Saved entries:

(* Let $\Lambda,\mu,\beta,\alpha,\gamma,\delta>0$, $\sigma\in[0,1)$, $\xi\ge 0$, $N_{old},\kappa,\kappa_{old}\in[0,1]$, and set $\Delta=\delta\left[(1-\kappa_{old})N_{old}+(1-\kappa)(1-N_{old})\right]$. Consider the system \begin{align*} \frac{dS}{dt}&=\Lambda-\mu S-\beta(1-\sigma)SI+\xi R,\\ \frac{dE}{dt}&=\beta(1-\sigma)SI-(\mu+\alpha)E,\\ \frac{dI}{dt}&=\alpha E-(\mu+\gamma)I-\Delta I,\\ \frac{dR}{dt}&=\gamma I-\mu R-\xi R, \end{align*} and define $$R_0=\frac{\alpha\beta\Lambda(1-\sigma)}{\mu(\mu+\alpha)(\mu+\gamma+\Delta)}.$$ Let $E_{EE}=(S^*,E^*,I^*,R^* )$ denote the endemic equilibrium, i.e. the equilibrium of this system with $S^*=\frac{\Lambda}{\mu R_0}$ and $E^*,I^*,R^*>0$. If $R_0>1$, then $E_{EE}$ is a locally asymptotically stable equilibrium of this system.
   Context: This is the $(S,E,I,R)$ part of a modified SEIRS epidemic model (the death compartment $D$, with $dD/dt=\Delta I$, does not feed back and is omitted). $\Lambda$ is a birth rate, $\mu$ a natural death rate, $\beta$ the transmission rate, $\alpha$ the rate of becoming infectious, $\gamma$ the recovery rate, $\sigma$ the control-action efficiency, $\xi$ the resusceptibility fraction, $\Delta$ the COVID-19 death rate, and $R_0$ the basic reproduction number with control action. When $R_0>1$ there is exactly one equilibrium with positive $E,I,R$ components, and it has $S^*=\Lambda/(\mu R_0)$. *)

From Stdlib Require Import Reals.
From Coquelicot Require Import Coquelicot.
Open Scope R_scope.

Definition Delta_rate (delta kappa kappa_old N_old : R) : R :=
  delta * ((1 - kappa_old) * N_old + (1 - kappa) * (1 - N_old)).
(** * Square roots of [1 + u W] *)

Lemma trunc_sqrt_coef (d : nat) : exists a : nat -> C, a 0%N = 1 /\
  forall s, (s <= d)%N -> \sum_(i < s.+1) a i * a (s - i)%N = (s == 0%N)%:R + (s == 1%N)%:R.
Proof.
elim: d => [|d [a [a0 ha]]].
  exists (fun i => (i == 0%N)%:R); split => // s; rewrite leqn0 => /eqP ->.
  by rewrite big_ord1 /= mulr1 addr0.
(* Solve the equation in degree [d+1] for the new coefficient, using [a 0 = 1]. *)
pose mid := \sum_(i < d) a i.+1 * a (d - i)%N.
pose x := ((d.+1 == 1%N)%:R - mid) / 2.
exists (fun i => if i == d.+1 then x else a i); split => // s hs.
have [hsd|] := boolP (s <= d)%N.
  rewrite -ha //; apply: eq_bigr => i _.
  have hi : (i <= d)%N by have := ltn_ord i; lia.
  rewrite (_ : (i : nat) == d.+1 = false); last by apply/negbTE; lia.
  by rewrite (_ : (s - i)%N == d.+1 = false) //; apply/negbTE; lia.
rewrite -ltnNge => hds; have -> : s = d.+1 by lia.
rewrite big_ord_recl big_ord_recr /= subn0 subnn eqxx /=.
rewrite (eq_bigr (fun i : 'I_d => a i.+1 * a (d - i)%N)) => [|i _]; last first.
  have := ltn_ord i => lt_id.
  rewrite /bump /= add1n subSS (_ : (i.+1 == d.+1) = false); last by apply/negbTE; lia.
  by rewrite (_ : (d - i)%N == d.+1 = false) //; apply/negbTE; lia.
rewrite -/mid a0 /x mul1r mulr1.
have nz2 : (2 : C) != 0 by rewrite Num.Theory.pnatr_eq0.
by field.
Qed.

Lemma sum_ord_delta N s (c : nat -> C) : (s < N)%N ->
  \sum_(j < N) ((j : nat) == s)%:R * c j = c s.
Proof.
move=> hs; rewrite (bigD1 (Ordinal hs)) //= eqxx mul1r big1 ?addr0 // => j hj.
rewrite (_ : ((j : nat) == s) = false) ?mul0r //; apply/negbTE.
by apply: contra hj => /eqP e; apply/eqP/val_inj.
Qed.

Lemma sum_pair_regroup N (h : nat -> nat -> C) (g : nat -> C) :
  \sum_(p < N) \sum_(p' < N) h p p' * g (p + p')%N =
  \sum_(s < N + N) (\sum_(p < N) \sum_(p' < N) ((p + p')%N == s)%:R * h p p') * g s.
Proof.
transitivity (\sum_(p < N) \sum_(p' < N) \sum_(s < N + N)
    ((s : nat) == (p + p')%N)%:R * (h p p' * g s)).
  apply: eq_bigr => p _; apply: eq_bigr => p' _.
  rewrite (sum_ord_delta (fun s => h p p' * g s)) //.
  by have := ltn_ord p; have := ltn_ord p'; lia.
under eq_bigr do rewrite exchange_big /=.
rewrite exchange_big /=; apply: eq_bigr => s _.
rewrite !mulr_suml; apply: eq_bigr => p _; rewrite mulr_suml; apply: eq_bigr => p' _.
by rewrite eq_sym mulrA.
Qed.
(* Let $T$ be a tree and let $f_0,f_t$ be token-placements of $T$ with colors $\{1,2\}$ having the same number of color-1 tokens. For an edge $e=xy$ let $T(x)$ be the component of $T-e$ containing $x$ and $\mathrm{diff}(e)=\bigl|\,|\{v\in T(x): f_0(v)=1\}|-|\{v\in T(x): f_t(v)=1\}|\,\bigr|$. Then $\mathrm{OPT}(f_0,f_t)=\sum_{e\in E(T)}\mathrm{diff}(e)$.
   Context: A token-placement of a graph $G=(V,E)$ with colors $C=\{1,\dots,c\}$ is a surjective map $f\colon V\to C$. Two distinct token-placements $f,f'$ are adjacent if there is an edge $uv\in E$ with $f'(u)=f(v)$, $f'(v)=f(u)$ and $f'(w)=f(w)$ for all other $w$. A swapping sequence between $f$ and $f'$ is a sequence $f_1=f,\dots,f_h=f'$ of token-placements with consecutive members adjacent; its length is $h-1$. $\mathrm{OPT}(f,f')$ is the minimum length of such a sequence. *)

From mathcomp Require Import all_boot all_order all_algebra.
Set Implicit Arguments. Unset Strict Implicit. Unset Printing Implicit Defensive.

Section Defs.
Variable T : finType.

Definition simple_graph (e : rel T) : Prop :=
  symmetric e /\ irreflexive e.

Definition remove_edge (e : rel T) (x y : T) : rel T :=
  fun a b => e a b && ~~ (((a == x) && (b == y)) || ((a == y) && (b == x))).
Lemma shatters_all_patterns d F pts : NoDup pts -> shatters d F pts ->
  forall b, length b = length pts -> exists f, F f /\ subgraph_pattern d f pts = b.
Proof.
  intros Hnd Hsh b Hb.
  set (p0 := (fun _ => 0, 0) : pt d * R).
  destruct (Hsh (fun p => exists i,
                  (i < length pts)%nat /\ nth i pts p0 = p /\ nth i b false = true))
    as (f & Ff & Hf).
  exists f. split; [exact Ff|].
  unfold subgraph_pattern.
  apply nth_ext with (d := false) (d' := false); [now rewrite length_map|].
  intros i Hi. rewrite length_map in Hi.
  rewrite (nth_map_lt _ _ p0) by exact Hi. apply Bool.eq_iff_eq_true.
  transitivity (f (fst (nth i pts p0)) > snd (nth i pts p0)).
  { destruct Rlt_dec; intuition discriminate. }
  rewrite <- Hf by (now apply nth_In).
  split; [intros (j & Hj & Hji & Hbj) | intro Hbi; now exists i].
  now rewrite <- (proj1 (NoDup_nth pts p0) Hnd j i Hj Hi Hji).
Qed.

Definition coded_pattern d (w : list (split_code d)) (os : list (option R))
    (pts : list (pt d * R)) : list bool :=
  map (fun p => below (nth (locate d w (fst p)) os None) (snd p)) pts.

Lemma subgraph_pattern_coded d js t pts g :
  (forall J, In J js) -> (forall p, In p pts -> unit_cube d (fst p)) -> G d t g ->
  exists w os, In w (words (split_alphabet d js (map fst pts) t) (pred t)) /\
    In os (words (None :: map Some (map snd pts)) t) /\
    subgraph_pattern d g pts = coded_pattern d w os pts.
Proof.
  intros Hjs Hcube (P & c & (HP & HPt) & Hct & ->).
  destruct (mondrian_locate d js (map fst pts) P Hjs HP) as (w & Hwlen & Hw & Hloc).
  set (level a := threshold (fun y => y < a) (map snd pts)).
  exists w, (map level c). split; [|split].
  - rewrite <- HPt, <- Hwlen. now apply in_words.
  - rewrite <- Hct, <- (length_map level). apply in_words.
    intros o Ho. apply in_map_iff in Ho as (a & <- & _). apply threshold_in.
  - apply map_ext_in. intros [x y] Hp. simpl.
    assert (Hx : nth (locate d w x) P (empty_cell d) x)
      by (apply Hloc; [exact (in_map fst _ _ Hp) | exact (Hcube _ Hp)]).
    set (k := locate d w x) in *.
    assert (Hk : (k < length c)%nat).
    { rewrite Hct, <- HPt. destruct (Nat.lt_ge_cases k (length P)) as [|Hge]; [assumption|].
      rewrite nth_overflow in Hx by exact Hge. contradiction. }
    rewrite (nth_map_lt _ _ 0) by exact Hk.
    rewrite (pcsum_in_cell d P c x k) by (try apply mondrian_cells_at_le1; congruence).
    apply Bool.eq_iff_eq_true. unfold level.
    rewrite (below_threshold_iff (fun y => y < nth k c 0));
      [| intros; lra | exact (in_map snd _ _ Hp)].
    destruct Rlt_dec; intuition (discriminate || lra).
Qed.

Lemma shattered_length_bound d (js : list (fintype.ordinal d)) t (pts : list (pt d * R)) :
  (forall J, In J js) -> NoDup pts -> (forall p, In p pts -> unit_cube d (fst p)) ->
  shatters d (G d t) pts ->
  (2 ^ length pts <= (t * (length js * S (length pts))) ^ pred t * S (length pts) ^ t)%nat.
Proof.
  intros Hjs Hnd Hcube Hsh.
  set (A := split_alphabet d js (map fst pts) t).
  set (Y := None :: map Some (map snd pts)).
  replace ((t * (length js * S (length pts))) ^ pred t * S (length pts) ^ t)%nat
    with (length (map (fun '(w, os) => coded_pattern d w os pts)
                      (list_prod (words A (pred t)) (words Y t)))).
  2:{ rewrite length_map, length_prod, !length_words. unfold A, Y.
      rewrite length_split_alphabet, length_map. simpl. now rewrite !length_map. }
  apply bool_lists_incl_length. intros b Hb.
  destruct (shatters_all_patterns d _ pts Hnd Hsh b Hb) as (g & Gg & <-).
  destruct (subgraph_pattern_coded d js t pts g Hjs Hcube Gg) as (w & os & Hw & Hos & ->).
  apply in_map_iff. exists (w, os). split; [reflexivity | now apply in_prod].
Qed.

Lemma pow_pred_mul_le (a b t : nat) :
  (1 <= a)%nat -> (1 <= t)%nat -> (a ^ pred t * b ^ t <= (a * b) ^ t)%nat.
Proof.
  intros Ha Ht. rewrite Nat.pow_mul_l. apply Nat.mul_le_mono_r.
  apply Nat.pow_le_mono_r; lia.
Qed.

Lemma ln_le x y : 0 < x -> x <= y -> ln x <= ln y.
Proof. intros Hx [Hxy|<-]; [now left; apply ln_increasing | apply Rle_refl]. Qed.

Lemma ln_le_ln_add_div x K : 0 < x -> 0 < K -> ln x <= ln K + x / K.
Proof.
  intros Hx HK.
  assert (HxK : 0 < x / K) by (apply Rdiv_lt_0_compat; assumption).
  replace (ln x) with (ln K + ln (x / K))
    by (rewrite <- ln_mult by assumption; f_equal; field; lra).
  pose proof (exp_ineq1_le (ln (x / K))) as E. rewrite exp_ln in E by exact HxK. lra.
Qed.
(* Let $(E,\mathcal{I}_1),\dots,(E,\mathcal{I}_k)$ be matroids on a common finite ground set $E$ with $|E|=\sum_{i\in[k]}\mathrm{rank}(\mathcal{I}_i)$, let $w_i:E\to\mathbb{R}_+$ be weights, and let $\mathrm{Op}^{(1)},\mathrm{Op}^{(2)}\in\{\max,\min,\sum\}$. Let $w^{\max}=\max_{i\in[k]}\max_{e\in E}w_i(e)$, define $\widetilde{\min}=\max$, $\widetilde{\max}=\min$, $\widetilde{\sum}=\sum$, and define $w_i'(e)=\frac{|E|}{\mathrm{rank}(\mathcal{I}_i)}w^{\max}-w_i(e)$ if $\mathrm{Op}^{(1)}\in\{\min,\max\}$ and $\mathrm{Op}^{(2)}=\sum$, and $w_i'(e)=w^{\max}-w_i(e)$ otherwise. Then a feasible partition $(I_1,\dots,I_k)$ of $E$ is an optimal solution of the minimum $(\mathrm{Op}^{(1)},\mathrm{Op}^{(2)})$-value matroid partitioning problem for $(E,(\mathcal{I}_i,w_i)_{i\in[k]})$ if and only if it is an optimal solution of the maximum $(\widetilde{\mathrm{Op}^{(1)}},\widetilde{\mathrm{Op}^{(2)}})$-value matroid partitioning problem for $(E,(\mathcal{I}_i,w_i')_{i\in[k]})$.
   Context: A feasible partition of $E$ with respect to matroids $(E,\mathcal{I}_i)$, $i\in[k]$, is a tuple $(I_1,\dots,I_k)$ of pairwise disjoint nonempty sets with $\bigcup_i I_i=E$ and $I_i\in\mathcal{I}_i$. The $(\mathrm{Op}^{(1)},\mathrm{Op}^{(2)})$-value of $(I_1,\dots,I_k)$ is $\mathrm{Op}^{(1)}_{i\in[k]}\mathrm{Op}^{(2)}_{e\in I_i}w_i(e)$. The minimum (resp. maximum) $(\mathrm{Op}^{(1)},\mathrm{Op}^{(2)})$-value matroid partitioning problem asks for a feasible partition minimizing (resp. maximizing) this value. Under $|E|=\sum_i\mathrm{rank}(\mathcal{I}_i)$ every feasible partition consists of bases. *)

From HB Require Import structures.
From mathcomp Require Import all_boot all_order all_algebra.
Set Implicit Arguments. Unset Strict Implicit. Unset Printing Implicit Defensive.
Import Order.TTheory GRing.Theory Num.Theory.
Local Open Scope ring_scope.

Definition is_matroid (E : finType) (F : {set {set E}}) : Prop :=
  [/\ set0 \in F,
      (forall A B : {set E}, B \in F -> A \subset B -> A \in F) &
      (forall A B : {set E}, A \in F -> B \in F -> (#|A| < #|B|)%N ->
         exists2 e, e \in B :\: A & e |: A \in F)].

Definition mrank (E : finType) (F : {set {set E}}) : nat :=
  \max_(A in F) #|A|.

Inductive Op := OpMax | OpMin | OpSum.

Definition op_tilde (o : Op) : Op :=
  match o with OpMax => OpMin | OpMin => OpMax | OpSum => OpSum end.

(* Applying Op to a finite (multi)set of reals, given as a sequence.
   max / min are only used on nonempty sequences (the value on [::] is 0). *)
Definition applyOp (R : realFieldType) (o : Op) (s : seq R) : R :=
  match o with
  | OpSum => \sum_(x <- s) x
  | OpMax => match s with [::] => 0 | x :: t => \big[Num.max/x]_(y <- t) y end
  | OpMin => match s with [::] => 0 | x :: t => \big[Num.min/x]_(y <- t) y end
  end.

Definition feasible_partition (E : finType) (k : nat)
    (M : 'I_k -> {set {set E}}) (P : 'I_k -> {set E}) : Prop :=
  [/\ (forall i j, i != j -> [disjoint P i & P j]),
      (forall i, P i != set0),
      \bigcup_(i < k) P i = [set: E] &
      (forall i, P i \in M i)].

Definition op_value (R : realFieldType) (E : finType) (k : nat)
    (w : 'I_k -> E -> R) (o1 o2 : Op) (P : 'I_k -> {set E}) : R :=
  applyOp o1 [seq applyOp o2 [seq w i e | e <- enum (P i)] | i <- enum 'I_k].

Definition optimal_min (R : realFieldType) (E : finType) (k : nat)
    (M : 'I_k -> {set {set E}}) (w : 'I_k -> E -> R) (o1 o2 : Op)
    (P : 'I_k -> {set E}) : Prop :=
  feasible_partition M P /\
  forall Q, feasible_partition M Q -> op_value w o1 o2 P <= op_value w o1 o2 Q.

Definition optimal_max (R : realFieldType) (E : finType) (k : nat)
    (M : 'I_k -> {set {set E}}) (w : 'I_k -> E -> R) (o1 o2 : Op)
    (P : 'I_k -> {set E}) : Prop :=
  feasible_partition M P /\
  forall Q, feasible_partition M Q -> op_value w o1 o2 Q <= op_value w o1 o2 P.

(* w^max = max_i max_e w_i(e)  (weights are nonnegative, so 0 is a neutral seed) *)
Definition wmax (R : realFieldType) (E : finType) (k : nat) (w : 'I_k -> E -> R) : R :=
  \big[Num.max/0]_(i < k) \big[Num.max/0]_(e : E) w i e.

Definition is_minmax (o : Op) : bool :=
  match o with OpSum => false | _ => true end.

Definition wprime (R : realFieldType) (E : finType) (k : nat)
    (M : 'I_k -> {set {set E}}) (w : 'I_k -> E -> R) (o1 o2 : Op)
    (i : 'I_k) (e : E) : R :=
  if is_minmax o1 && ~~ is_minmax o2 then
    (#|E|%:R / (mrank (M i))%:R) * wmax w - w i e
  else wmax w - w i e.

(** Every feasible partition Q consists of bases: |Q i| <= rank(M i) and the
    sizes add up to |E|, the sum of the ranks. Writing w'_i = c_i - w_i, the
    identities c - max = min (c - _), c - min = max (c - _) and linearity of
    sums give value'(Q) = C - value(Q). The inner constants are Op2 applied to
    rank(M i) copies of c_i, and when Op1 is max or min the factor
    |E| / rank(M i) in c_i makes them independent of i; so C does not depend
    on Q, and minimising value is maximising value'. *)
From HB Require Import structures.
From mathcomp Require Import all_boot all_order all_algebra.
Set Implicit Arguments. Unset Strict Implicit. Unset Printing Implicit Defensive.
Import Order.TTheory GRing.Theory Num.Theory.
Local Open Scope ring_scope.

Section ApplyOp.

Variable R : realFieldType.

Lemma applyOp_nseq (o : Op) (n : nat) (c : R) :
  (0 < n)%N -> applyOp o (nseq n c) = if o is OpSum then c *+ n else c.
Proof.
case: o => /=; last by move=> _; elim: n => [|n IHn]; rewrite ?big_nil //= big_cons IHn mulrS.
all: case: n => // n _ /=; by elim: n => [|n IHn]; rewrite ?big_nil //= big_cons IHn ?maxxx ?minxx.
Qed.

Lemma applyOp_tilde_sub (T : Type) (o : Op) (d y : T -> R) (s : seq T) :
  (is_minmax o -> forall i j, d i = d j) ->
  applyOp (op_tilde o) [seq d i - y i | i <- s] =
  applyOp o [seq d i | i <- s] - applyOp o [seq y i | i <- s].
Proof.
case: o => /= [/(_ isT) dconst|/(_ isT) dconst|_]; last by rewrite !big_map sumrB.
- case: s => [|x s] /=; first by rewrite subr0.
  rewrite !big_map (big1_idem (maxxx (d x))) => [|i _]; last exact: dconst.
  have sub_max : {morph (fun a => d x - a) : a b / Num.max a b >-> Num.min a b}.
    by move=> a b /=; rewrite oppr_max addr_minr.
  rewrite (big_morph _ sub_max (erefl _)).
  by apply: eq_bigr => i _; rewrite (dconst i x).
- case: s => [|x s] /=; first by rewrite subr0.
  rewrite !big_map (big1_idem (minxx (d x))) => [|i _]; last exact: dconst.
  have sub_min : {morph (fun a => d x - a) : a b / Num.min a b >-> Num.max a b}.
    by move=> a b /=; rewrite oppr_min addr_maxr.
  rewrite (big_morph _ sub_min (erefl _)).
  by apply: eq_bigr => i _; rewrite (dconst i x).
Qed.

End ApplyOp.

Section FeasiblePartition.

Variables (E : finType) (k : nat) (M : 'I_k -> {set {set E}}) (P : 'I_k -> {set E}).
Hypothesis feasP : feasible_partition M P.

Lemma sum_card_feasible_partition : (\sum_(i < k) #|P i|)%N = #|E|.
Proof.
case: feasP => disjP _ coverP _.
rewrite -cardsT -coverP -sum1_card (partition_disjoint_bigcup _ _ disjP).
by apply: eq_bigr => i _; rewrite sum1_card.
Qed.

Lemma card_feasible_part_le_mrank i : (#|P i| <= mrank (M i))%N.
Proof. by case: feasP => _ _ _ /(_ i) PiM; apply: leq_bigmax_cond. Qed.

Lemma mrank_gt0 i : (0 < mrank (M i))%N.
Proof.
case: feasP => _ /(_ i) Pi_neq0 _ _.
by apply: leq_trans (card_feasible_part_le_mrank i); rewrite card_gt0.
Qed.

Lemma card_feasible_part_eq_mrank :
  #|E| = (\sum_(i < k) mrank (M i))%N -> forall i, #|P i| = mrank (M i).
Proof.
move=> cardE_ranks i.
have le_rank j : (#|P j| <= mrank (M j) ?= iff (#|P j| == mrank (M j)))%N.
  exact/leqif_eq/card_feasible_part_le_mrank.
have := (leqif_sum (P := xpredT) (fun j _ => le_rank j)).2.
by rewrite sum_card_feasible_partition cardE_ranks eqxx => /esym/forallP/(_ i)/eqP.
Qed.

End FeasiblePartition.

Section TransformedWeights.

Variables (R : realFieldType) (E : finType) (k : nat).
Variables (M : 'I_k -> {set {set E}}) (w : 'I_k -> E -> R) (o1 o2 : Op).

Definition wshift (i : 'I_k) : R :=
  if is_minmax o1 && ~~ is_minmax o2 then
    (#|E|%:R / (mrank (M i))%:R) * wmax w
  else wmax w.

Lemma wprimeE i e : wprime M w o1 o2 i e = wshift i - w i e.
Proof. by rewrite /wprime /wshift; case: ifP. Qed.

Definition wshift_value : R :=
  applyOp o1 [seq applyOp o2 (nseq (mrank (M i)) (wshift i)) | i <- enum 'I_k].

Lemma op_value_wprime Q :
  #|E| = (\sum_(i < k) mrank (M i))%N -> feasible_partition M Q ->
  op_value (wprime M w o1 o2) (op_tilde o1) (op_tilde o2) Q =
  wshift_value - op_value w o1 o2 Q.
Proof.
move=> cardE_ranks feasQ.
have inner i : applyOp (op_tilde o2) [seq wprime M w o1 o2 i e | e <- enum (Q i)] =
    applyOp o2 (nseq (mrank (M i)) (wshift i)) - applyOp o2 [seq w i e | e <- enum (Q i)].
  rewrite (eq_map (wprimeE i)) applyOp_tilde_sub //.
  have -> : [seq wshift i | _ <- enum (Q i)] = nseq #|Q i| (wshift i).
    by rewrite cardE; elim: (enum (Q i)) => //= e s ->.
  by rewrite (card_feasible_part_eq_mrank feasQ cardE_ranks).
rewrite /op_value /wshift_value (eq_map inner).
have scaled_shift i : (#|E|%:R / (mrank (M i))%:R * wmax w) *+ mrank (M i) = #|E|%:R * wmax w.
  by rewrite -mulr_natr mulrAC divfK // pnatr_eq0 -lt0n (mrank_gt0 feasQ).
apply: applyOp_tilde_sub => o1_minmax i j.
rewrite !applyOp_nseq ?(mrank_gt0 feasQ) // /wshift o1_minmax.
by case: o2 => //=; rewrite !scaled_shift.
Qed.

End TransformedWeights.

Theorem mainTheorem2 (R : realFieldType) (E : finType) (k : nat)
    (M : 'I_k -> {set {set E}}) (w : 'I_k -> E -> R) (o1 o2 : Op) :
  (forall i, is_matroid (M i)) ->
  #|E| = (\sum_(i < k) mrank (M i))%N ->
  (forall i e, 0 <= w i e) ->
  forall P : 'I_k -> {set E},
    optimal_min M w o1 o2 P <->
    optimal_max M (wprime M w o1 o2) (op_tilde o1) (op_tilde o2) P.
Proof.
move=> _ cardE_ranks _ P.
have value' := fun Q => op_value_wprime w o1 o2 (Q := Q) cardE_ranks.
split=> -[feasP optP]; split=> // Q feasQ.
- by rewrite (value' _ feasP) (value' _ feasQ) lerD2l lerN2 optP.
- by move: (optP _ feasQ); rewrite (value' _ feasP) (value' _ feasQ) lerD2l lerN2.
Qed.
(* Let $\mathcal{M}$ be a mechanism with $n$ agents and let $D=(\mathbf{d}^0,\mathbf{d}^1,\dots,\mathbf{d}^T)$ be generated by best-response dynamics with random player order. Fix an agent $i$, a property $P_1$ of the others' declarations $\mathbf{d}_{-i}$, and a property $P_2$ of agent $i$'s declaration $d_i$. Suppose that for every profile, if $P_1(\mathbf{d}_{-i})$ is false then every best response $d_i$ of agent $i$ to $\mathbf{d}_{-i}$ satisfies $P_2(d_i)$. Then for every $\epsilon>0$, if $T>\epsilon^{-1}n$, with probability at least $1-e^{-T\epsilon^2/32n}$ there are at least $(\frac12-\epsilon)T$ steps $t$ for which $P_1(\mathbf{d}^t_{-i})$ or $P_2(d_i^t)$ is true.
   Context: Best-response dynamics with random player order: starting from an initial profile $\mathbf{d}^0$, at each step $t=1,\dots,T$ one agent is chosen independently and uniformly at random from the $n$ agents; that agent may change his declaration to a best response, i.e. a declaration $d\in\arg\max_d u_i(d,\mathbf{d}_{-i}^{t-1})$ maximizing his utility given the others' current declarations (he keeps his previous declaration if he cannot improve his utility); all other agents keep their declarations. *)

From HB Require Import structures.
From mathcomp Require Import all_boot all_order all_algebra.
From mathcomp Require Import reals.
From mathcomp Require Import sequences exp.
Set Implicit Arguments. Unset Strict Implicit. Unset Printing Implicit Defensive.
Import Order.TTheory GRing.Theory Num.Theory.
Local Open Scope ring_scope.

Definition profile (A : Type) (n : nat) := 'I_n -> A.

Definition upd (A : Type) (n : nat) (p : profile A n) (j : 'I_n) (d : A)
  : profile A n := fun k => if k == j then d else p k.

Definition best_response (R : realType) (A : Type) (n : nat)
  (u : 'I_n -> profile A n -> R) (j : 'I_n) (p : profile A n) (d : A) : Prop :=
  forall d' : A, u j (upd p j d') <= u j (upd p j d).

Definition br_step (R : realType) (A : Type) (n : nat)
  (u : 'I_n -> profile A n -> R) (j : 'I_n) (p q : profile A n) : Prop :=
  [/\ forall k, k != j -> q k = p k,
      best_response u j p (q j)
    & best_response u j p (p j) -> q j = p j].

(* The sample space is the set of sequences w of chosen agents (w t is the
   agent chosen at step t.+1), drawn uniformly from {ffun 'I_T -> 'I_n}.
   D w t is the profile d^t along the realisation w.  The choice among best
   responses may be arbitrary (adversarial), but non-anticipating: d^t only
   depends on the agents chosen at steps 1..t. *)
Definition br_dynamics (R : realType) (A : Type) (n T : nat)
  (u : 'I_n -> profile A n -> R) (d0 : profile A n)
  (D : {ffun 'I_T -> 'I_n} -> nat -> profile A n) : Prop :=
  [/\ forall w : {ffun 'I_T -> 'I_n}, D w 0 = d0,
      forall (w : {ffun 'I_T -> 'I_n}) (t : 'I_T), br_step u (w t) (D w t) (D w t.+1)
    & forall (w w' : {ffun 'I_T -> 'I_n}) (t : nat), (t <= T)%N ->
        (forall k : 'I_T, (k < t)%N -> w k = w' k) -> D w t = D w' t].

### [Prompt]
Take the lines above from the one containing "destruct Rlt_dec; intuition (discriminate" down to the one containing "intros Hjs Hnd Hcube Hsh.", and transcribe them exactly, both ends included.

### [Result of this exercise]
    destruct Rlt_dec; intuition (discriminate || lra).
Qed.

Lemma shattered_length_bound d (js : list (fintype.ordinal d)) t (pts : list (pt d * R)) :
  (forall J, In J js) -> NoDup pts -> (forall p, In p pts -> unit_cube d (fst p)) ->
  shatters d (G d t) pts ->
  (2 ^ length pts <= (t * (length js * S (length pts))) ^ pred t * S (length pts) ^ t)%nat.
Proof.
  intros Hjs Hnd Hcube Hsh.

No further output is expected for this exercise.